• _Supplied information_
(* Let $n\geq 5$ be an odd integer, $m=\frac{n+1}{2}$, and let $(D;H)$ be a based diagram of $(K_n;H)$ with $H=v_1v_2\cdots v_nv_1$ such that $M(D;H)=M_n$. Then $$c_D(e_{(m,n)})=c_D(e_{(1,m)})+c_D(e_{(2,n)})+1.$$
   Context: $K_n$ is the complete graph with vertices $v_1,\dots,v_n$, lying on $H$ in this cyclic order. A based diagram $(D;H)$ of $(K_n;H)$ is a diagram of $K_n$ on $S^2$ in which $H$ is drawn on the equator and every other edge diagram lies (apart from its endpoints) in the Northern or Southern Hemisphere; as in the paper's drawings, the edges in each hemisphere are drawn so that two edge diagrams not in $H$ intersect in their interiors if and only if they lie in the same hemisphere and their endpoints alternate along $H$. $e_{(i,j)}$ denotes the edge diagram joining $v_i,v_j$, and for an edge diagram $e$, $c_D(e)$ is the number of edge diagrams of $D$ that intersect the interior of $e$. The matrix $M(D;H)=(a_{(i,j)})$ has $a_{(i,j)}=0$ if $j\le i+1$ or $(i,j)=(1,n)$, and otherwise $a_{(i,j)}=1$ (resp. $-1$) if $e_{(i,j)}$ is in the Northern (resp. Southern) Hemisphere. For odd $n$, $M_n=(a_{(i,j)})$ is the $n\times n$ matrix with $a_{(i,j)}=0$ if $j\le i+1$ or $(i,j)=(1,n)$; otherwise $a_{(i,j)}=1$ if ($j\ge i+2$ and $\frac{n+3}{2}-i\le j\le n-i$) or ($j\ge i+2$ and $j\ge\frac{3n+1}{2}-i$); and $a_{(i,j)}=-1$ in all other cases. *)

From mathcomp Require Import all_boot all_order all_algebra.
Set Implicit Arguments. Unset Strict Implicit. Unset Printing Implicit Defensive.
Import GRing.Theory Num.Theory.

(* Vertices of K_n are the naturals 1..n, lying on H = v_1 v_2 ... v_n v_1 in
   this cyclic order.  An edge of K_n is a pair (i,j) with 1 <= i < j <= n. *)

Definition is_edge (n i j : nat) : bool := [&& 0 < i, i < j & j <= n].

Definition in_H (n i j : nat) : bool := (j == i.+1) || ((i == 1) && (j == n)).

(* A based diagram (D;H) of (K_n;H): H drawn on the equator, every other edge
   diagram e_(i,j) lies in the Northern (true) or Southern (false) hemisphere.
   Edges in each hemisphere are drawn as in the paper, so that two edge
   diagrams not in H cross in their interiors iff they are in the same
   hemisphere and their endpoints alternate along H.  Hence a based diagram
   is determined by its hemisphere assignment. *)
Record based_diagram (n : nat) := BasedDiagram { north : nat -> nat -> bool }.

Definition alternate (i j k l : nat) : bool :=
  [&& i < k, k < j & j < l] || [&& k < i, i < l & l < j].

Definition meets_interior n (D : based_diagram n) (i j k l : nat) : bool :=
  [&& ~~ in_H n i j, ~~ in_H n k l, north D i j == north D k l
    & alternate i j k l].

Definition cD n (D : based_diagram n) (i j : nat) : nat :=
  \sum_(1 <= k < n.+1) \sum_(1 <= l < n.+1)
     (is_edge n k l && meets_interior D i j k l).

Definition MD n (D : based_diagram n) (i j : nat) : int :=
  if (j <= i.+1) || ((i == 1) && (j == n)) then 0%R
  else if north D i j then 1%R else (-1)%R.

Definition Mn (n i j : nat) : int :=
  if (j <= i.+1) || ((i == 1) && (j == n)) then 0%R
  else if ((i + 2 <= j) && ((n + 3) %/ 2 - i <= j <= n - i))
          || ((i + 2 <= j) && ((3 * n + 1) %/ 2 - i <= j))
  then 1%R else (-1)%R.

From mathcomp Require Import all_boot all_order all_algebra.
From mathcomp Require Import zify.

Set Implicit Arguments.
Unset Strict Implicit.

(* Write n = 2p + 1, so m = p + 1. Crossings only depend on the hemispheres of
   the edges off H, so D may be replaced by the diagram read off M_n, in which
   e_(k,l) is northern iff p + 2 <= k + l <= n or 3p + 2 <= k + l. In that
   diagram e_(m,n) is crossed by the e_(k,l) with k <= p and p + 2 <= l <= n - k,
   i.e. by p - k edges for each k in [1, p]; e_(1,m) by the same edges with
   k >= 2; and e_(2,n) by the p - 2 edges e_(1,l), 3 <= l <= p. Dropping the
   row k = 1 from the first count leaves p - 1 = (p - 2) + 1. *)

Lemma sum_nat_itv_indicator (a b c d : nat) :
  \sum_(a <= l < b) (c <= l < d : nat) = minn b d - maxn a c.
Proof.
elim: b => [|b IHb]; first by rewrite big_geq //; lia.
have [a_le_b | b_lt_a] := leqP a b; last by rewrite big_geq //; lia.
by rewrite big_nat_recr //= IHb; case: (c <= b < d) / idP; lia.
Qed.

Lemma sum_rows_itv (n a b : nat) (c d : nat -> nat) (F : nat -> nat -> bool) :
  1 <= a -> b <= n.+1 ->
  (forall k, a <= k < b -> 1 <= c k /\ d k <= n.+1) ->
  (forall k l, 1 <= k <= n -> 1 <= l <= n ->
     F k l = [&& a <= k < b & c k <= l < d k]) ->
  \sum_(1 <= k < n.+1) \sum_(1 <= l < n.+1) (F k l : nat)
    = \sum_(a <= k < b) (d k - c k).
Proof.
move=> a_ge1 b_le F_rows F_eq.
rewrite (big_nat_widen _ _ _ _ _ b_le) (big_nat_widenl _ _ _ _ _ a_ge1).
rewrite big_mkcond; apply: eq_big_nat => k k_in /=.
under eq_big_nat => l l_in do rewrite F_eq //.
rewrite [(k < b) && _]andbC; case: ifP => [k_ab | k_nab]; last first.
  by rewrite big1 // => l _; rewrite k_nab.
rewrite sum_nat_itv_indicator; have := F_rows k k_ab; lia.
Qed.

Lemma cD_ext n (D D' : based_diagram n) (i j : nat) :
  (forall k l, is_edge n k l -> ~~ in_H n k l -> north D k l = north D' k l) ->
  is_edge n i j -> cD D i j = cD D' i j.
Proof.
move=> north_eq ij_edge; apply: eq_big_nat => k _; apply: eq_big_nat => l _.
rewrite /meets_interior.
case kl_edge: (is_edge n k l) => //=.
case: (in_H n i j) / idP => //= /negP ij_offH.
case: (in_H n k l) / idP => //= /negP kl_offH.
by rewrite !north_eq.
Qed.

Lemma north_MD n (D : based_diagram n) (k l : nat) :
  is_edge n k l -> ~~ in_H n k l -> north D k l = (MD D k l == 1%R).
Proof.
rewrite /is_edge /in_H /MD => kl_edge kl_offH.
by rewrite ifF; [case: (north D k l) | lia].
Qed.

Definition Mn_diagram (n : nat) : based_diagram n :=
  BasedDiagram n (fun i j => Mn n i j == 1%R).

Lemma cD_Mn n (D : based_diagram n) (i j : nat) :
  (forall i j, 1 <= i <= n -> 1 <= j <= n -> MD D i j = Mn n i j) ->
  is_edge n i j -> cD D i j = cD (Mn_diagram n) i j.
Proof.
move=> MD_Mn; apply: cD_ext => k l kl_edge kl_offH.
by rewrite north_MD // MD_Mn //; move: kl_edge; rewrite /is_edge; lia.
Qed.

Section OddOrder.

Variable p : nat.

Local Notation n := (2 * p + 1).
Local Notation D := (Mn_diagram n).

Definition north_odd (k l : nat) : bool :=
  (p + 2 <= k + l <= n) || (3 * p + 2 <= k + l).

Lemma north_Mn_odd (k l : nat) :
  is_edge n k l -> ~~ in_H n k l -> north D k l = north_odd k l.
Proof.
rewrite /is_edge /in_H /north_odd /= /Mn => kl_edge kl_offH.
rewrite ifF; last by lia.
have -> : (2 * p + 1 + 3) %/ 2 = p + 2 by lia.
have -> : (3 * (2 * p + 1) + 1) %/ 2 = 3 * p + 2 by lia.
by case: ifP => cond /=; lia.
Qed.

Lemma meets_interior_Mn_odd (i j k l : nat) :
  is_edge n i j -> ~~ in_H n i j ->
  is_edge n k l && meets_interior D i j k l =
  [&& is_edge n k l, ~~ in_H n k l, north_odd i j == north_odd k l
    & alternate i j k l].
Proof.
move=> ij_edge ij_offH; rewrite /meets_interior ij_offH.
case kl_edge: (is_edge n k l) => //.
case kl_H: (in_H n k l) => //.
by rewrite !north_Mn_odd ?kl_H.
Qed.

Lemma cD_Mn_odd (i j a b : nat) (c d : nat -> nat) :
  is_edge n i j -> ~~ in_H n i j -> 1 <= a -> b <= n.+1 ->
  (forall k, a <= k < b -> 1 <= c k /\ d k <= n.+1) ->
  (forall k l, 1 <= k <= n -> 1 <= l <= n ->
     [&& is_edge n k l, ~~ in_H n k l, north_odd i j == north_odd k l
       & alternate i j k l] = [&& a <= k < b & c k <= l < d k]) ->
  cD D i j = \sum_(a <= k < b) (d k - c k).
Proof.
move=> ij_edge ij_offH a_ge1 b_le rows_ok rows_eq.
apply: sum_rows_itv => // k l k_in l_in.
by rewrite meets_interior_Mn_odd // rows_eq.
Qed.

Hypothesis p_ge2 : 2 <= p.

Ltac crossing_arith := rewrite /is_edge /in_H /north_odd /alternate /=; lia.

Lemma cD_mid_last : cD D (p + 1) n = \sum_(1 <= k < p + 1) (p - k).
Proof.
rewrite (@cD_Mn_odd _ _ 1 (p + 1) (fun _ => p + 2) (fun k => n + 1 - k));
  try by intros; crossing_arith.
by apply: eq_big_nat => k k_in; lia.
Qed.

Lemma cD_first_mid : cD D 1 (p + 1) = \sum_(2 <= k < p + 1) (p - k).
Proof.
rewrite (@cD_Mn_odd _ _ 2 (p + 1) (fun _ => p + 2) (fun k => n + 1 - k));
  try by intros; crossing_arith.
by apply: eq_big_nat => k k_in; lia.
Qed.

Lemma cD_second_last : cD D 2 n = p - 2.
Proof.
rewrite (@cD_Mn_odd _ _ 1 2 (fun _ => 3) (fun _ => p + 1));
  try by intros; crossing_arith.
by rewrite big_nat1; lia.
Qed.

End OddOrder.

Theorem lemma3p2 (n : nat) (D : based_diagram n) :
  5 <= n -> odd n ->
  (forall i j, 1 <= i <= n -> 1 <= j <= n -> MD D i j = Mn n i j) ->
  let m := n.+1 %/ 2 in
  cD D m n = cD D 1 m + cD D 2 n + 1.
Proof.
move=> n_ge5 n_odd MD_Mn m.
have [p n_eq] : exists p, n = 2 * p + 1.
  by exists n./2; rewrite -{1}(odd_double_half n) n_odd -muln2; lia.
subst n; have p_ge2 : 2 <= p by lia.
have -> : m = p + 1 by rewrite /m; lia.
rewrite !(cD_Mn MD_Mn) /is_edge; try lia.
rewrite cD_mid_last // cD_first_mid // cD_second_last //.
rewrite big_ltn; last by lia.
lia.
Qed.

• _Assignment_
Lines wanted from the listing above: the line with "move=> n_ge5 n_odd MD_Mn m." up to and including the line with "rewrite !(cD_Mn MD_Mn) /is_edge; try lia.". Please write them out exactly, adding nothing else.

• _Output of the exercise_
move=> n_ge5 n_odd MD_Mn m.
have [p n_eq] : exists p, n = 2 * p + 1.
  by exists n./2; rewrite -{1}(odd_double_half n) n_odd -muln2; lia.
subst n; have p_ge2 : 2 <= p by lia.
have -> : m = p + 1 by rewrite /m; lia.
rewrite !(cD_Mn MD_Mn) /is_edge; try lia.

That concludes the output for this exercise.